Не от раскаяния ли открыла Старуха свою дверь? Не для того ли, чтобы принять на себя грех всего острова, принять на себя одну? Чтобы объединить в своем лице всех островитян, каждого и каждую? И не для того ли она подставилась под ярость и удары, чтобы пострадать за всех? Занять их место. Пострадать от их имени. Но, скорее всего, Старуха как никто другой была далека от подобных мыслей, и ничто ее не занимало, кроме себя самой. В поступке Старухи не было никакого благородства, и если она открыла дверь, то только чтобы показать, что осталась живой, что была у себя, держалась прямо и ни в чем себя не упрекала. Пусть видят: в этой жизни она прочно стоит на ногах, и все эти вопли жены Учителя не достигают ее ушей и не мешают ей существовать.

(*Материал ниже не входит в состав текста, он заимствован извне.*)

Lemma sum_numeral (Y : nat -> nat) m :
  \sum_(i < m) ((Y i)%:R / (b ^ i.+1)%:R : rat) = (numeral b Y m)%:R / (b ^ m)%:R.
Proof.
elim: m => [|m IH]; first by rewrite big_ord0 mul0r.
have b_neq0 : (b%:R : rat) != 0 by rewrite pnatr_eq0 -lt0n.
have bm_neq0 : ((b ^ m)%:R : rat) != 0 by rewrite pnatr_eq0 -lt0n expn_gt0 b_gt0.
rewrite big_ord_recr /= IH !natrD !natrM !expnS !natrM.
by field; rewrite b_neq0 bm_neq0.
Qed.

Lemma eq_from_digits m i j : (i < b ^ m)%N -> (j < b ^ m)%N ->
  (forall l, l < m -> (i %/ b ^ l) %% b = (j %/ b ^ l) %% b)%N -> i = j.
Proof.
elim: m i j => [|m IH] i j Hi Hj H; first by rewrite expn0 in Hi Hj; lia.
have Hd : (i %/ b = j %/ b)%N.
  apply: IH; rewrite ?ltn_divLR -?expnSr //.
  by move=> l Hl; have := H l.+1 Hl; rewrite expnS !divnMA.
have := H 0%N (ltn0Sn _); rewrite expn0 !divn1 => Hmod.
by rewrite (divn_eq i b) (divn_eq j b) Hd Hmod.
Qed.

End Numeral.

Lemma elementary_interval_div (b m d a P : nat) : (0 < b)%N -> (d <= m)%N ->
  (((a%:R / (b ^ d)%:R : rat) <= P%:R / (b ^ m)%:R) &&
   ((P%:R / (b ^ m)%:R : rat) < a.+1%:R / (b ^ d)%:R)) = (P %/ b ^ (m - d) == a)%N.
Proof.
move=> b_gt0 le_dm.
have q_gt0 : (0 < b ^ (m - d))%N by rewrite expn_gt0 b_gt0.
have bm_gt0 : (0 < (b ^ m)%:R :> rat) by rewrite ltr0n expn_gt0 b_gt0.
have bd_neq0 : ((b ^ d)%:R : rat) != 0 by rewrite pnatr_eq0 -lt0n expn_gt0 b_gt0.
have q_neq0 : ((b ^ (m - d))%:R : rat) != 0 by rewrite pnatr_eq0 -lt0n.
have scale x : (x%:R / (b ^ d)%:R : rat) = (x * b ^ (m - d))%:R / (b ^ m)%:R.
  by rewrite -(subnKC le_dm) expnD !natrM addKn; field; rewrite bd_neq0 q_neq0.
rewrite !scale ler_pM2r ?invr_gt0 // ltr_pM2r ?invr_gt0 // ler_nat ltr_nat.
by rewrite eqn_leq -[(_ %/ _ <= a)%N]ltnS ltn_divLR // leq_divRL // andbC.
Qed.

Section PrimeField.

Context {b : nat}.
Hypothesis b_prime : prime b.
Let b_gt0 := prime_gt0 b_prime.
Let b_gt1 := prime_gt1 b_prime.

Lemma Fp_lt (x : 'F_b) : (x < b)%N.
Proof. by rewrite -[X in (_ < X)%N](Fp_cast b_prime) ltn_ord. Qed.

Lemma digitE k l : nat_of_ord (digit b k l) = ((k %/ b ^ l) %% b)%N.
Proof. by rewrite /digit (val_Fp_nat b_prime) modn_mod. Qed.

Lemma digit_small k l : (k < b ^ l)%N -> digit b k l = 0.
Proof. by move=> lt_k; rewrite /digit divn_small // mod0n. Qed.

Lemma digit_exp e l : digit b (b ^ e) l = (l == e)%:R.
Proof.
case: (ltngtP l e) => [lt_le|lt_el|->].
- rewrite /digit -(subnKC (ltnW lt_le)) expnD mulKn ?expn_gt0 ?b_gt0 //.
  by rewrite -(subnSK lt_le) expnS modnMr.
- by rewrite digit_small // ltn_exp2l.
- by rewrite /digit divnn expn_gt0 b_gt0 modn_small.
Qed.

Definition nat_digit {m} (y : 'I_m -> 'F_b) (i : nat) : nat :=
  if insub i is Some i' then nat_of_ord (y i') else 0%N.

Lemma nat_digit_ord m (y : 'I_m -> 'F_b) (i : 'I_m) : nat_digit y i = y i.
Proof. by rewrite /nat_digit valK. Qed.

Lemma nat_digit_lt m (y : 'I_m -> 'F_b) i : (nat_digit y i < b)%N.
Proof. by rewrite /nat_digit; case: insub => [i'|//]; apply: Fp_lt. Qed.

Lemma bvalE m (y : 'I_m -> 'F_b) :
  bval b m y = (numeral b (nat_digit y) m)%:R / (b ^ m)%:R.
Proof.
by rewrite -sum_numeral //; apply: eq_bigr => i _; rewrite nat_digit_ord.
Qed.

Lemma bval_ge0_lt1 m (y : 'I_m -> 'F_b) : 0 <= bval b m y < 1.
Proof.
rewrite bvalE divr_ge0 ?ler0n //= ltr_pdivrMr ?ltr0n ?expn_gt0 ?b_gt0 //.
by rewrite mul1r ltr_nat numeral_lt // => i _; apply: nat_digit_lt.
Qed.

Lemma bval_in_interval m (y : 'I_m -> 'F_b) d a : (d <= m)%N -> (a < b ^ d)%N ->
  ((a%:R / (b ^ d)%:R <= bval b m y) && (bval b m y < a.+1%:R / (b ^ d)%:R))
  <-> (forall i : 'I_m, (i < d)%N -> y i = digit b a (d - i.+1)).
Proof.
move=> le_dm lt_a.
have digit_lt k i : (i < k -> nat_digit y i < b)%N by move=> _; apply: nat_digit_lt.
rewrite bvalE elementary_interval_div // (numeral_div b_gt0 _ _ _ (digit_lt m) le_dm).
have digitsP := @numeral_eqP _ b_gt0 (nat_digit y) d a (digit_lt d) lt_a.
split=> [/eqP/digitsP H i lt_id|H].
  by apply: val_inj; rewrite /= digitE -H // nat_digit_ord.
apply/eqP/digitsP => i lt_id; have lt_im := leq_trans lt_id le_dm.
by rewrite -(digitE a) -(H (Ordinal lt_im)) // -nat_digit_ord.
Qed.

Definition digit_row m (k : nat) : 'rV['F_b]_m := \row_(l < m) digit b k l.

Lemma digit_row_inj m : injective (fun k : 'I_(b ^ m) => digit_row m k).
Proof.
move=> i j /rowP eq_ij.
apply/val_inj/(@eq_from_digits _ b_gt0 m _ _ (ltn_ord i) (ltn_ord j)).
by move=> l lt_lm; have := eq_ij (Ordinal lt_lm); rewrite !mxE -!digitE => ->.
Qed.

Бросившемуся к пленнику Доктору ничего не оставалось, как засвидетельствовать смерть: тело успело остыть и окостенело. Учитель умер много часов назад. Белокурая кудрявая его шевелюра резко контрастировала с кожей, не то чтобы бледной, но слегка голубоватой, с характерными синюшными пятнами, что позволило Доктору понять: Учитель попросту отравлен угарным газом.